_What you are asked to do_. Please copy exactly every line from the one that contains "Unset Printing Implicit Defensive." to the end of the data below, with both ends included and no other lines.
--- Record excerpts Enclosed Below ---
Theorem mainTheorem1
  (alpha T xL xR yL yR : R) (a b c d f : R -> R -> R -> R) (psi : R -> R -> R)
  (Nx Ny Nt : nat) (A D G : R) (v : nat -> nat -> nat -> R) :
  0 < alpha < 1 -> 0 < T -> xL < xR -> yL < yR ->
  (0 < Nx)%nat -> (0 < Ny)%nat -> (0 < Nt)%nat ->
  (* G = Gamma(2 - alpha), via the Gauss product formula *)
  Un_cv (gauss_seq (2 - alpha)) G ->
  (* bound condition (B) *)
  0 < A -> 0 < D ->
  (forall x y t, xL <= x <= xR -> yL <= y <= yR -> 0 <= t <= T ->
     0 <= a x y t <= A /\ 0 <= b x y t <= A /\ D <= c x y t /\ D <= d x y t) ->
  let dx := (xR - xL) / INR Nx in
  let dy := (yR - yL) / INR Ny in
  let dt := T / INR Nt in
  Rmax dx dy <= 2 * D / A ->
  (* f == 0 *)
  (forall x y t, xL <= x <= xR -> yL <= y <= yR -> 0 <= t <= T -> f x y t = 0) ->
  let X := fun i : nat => xL + INR i * dx in
  let Y := fun j : nat => yL + INR j * dy in
  let tt := fun k : nat => INR k * dt in
  (* initial condition *)
  (forall i j, (i <= Nx)%nat -> (j <= Ny)%nat -> v i j 0%nat = psi (X i) (Y j)) ->
  (* homogeneous Dirichlet boundary condition for k >= 1 *)
  (forall i j k, (i <= Nx)%nat -> (j <= Ny)%nat -> (1 <= k <= Nt)%nat ->
     (i = 0%nat \/ i = Nx \/ j = 0%nat \/ j = Ny) -> v i j k = 0) ->
  (* the scheme (IFDS) *)
  (forall i j k, (1 <= i <= Nx - 1)%nat -> (1 <= j <= Ny - 1)%nat -> (k <= Nt - 1)%nat ->
     sigma_ad alpha dt G *
       sum_f_R0 (fun s => omega_w alpha s * (v i j (k - s + 1)%nat - v i j (k - s)%nat)) k
     + a (X i) (Y j) (tt (S k)) * (v (S i) j (S k) - v (i - 1)%nat j (S k)) / (2 * dx)
     + b (X i) (Y j) (tt (S k)) * (v i (S j) (S k) - v i (j - 1)%nat (S k)) / (2 * dy)
     = c (X i) (Y j) (tt (S k)) *
         (v (S i) j (S k) - 2 * v i j (S k) + v (i - 1)%nat j (S k)) / (dx * dx)
     + d (X i) (Y j) (tt (S k)) *
         (v i (S j) (S k) - 2 * v i j (S k) + v i (j - 1)%nat (S k)) / (dy * dy)
     + f (X i) (Y j) (tt (S k))) ->
  forall k, (1 <= k <= Nt)%nat -> gridnorm Nx Ny v k <= gridnorm Nx Ny v 0%nat.
Proof.
  intros Hal HT Hx Hy HNx HNy HNt HG HA HD HB dx dy dt Hmesh Hf X Y tt _ Hbd Hsch k Hk.
  assert (Hnode : forall i j k, (i <= Nx)%nat -> (j <= Ny)%nat -> (k <= Nt)%nat ->
            xL <= X i <= xR /\ yL <= Y j <= yR /\ 0 <= tt k <= T).
  { intros i j k' Hi Hj Hk'.
    pose proof (uniform_node_bounds (xR - xL) Nx i ltac:(lra) HNx Hi).
    pose proof (uniform_node_bounds (yR - yL) Ny j ltac:(lra) HNy Hj).
    pose proof (uniform_node_bounds T Nt k' HT HNt Hk').
    unfold X, Y, tt, dx, dy, dt. repeat split; lra. }
  assert (Hdx : 0 < dx) by (apply Rdiv_pos_pos; [lra | apply lt_0_INR; lia]).
  assert (Hdy : 0 < dy) by (apply Rdiv_pos_pos; [lra | apply lt_0_INR; lia]).
  pose proof (Rmax_l dx dy). pose proof (Rmax_r dx dy).
  assert (Hsg : 0 < sigma_ad alpha dt G).
  { apply Rdiv_pos_pos, Rmult_lt_0_compat; [lra | apply Rpower_pos |].
    apply (gauss_limit_pos (2 - alpha)); [lra | exact HG]. }
  apply (gridnorm_le_initial Nx Ny Nt _ dx dy (omega_w alpha)
           (fun i j k => a (X i) (Y j) (tt k)) (fun i j k => b (X i) (Y j) (tt k))
           (fun i j k => c (X i) (Y j) (tt k)) (fun i j k => d (X i) (Y j) (tt k)) v Hsg Hdx Hdy);
    [apply omega_w_0 | intros; apply omega_w_succ_le; lra | intros; apply omega_w_nonneg; lra
    | | exact Hbd | | lia].
  - intros i j k' Hi Hj Hk'.
    destruct (Hnode i j k' ltac:(lia) ltac:(lia) ltac:(lia)) as [HXi [HYj Htk]].
    destruct (HB _ _ _ HXi HYj Htk) as [Ha [Hb [Hc Hd]]].
    repeat split; try lra; apply (cell_peclet_le _ _ _ A D); lra.
  - intros i j k' Hi Hj Hk'.
    destruct (Hnode i j (S k') ltac:(lia) ltac:(lia) ltac:(lia)) as [HXi [HYj Htk]].
    pose proof (Hsch i j k' Hi Hj Hk') as Hs.
    rewrite (Hf _ _ _ HXi HYj Htk), Rplus_0_r in Hs. exact Hs.
Qed.
Lemma char_pres_sub_Fitt0 (R : comNzRingType) (M : lmodType R) n
    (pi : {linear 'rV[R]_n -> M}) :
  noetherian R -> (0 < n)%N -> surjective_map pi -> proj_dim_le1 M ->
  forall r, char_pres pi r -> Fitt0 pi r.
Proof.
move=> HN n_gt0 pi_onto pd1 _ [Phi [HPhi ->]]; have [WPhi _ _] := HPhi.
have [m [x [F [Nx NF decF]]]] := kernel_dual_basis HN pi_onto pd1.
rewrite (WPhi _ (fun i v => \sum_k x k 0 i * F v 0 k)) => [||i|i v Nv].
- exact: (alt_form_lincomb_Fitt0 HPhi (f := fun k v => F v 0 k)).
- exact: Nlin_coord.
- exact: Nlin_sum.
- by rewrite {1}(decF v Nv) /lincomb summxE; apply: eq_bigr => k _; rewrite mxE mulrC.
Qed.

Unset Implicit Arguments.

Theorem propositionC7 (R : comNzRingType) (M : lmodType R) (n : nat)
  (pi : {linear 'rV[R]_n -> M}) :
  noetherian R -> (0 < n)%N -> surjective_map pi ->
  (forall r, Fitt0 pi r -> char_pres pi r) /\
  (proj_dim_le1 M -> forall r, Fitt0 pi r <-> char_pres pi r).
Proof.
move=> HN n_gt0 pi_onto; split=> [|pd1 r]; first exact: Fitt0_sub_char_pres.
by split; [apply: Fitt0_sub_char_pres | apply: char_pres_sub_Fitt0].
Qed.
(* Let $\mathbf M$ be an $(N+1,k)$-admissible and micro-reversible matrix with core $\widetilde{\mathbf M}$ and characteristic triple $(\mu,\widetilde{\mathbf w},\widetilde{\mathbf z})$; let $\mathbf K:=\frac1\mu\operatorname{diag}(\widetilde{\mathbf w})^{-1}\widetilde{\mathbf M}^\dagger\operatorname{diag}(\widetilde{\mathbf w})$ (the $Q$-process kernel) with stationary measure $\boldsymbol\pi=\widetilde{\mathbf w}\circ\widetilde{\mathbf z}$. Let $\mathbf p(t)$ solve $\frac{d\mathbf p}{dt}=(\mathbf M-\mathbf I)\mathbf p$ from a probability vector $\mathbf p(0)$ whose transient part $\widetilde{\mathbf p}(0)$ is nonzero, and set $\mathbf q(t):=\widetilde{\mathbf w}\circ\widetilde{\mathbf p}(t/\mu)/\langle\widetilde{\mathbf w},\widetilde{\mathbf p}(t/\mu)\rangle$. Then the evolution of $\mathbf p$ is variational in the sense that $\mathbf q$ is driven by the gradient flow $$\frac{d\mathbf q}{dt}=-\operatorname{grad}_{\mathcal W_N}H(\mathbf q\,|\,\boldsymbol\pi)$$ of the relative Boltzmann–Gibbs–Shannon entropy $H(\mathbf q|\boldsymbol\pi)=\sum_i q_i\log(q_i/\pi_i)$ with respect to the discrete Wasserstein structure $\mathcal W_N$ associated with $\mathbf K$, and the complete dynamics of $\mathbf p$ can be uniquely recovered from $\mathbf q$ (together with the initial datum $\mathbf p(0)$).
   Context: Matrices are column-stochastic unless said otherwise; $\dagger$ is transpose, $\circ$ the entrywise product. For $1\le k<N-1$, an $(N+1)\times(N+1)$ column-stochastic $\mathbf M$ is $(N+1,k)$-admissible if, after a simultaneous permutation of rows and columns, $\mathbf M=\begin{pmatrix}\widetilde{\mathbf M}&\mathbf 0\\ \mathbf A&\mathbf I\end{pmatrix}$ with $\mathbf I$ the $k\times k$ identity, $\widetilde{\mathbf M}$ irreducible of size $N+1-k$ (the core, acting on the transient states; $\widetilde{\mathbf p}$ denotes the transient components of $\mathbf p$), and $\mathbf A$ with no zero row. The characteristic triple is $\mu=\rho(\widetilde{\mathbf M})\in(0,1)$ together with the positive left/right eigenvectors $\widetilde{\mathbf w},\widetilde{\mathbf z}$ for $\mu$ with $\langle\widetilde{\mathbf w},\mathbf 1\rangle=\langle\widetilde{\mathbf w},\widetilde{\mathbf z}\rangle=1$. $\mathbf M$ is micro-reversible if $\widetilde w_i\widetilde M_{ij}\widetilde z_j=\widetilde w_j\widetilde M_{ji}\widetilde z_i$ for all $i,j$; then $\mathbf K$ is irreducible, row-stochastic and reversible ($\pi_iK_{ij}=\pi_jK_{ji}$). Discrete Wasserstein distance (Maas): with the logarithmic mean $\beta(x,y)=\frac{x-y}{\log x-\log y}$ for $x\ne y$, $\beta(x,x)=x$, for probability densities $\mathbf Q^0,\mathbf Q^1$ w.r.t. $\boldsymbol\pi$ (nonnegative vectors with $\sum_iQ_i\pi_i=1$), $\mathcal W_N^2(\mathbf Q^0,\mathbf Q^1)$ is the infimum of $\frac12\int_0^1\sum_{i,j}|\psi_i^\tau-\psi_j^\tau|^2K_{ij}\beta(Q_i^\tau,Q_j^\tau)\pi_i\,d\tau$ over piecewise $C^1$ curves $\tau\mapsto\mathbf Q^\tau$ of probability densities and measurable $\tau\mapsto\boldsymbol\psi^\tau$ with $\frac{d}{d\tau}Q_i^\tau+\sum_j(\psi_j^\tau-\psi_i^\tau)K_{ij}\beta(Q_i^\tau,Q_j^\tau)=0$ a.e. and endpoints $\mathbf Q^0,\mathbf Q^1$; a probability vector $\mathbf q$ is identified with its density $\mathbf Q=\mathbf q/\boldsymbol\pi$. On strictly positive densities this is a Riemannian metric, and the gradient of $F(\mathbf Q)=\sum_if(Q_i)\pi_i$ is given in coordinates by $[\operatorname{grad}_{\mathcal W_N}F(\mathbf Q)]_i=-\sum_jK_{ij}\beta(Q_i,Q_j)\big(f'(Q_j)-f'(Q_i)\big)$. *)

From HB Require Import structures.
From mathcomp Require Import all_boot all_order all_algebra.
From mathcomp Require Import complex.
From mathcomp Require Import all_classical all_reals all_analysis.
Set Implicit Arguments.
Unset Strict Implicit.
Unset Printing Implicit Defensive.
Import Order.TTheory GRing.Theory Num.Theory.
Import numFieldNormedType.Exports.
Local Open Scope ring_scope.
--- End of Enclosed Record excerpts ---
_Expected answer_.
Unset Printing Implicit Defensive.
Import Order.TTheory GRing.Theory Num.Theory.
Import numFieldNormedType.Exports.
Local Open Scope ring_scope.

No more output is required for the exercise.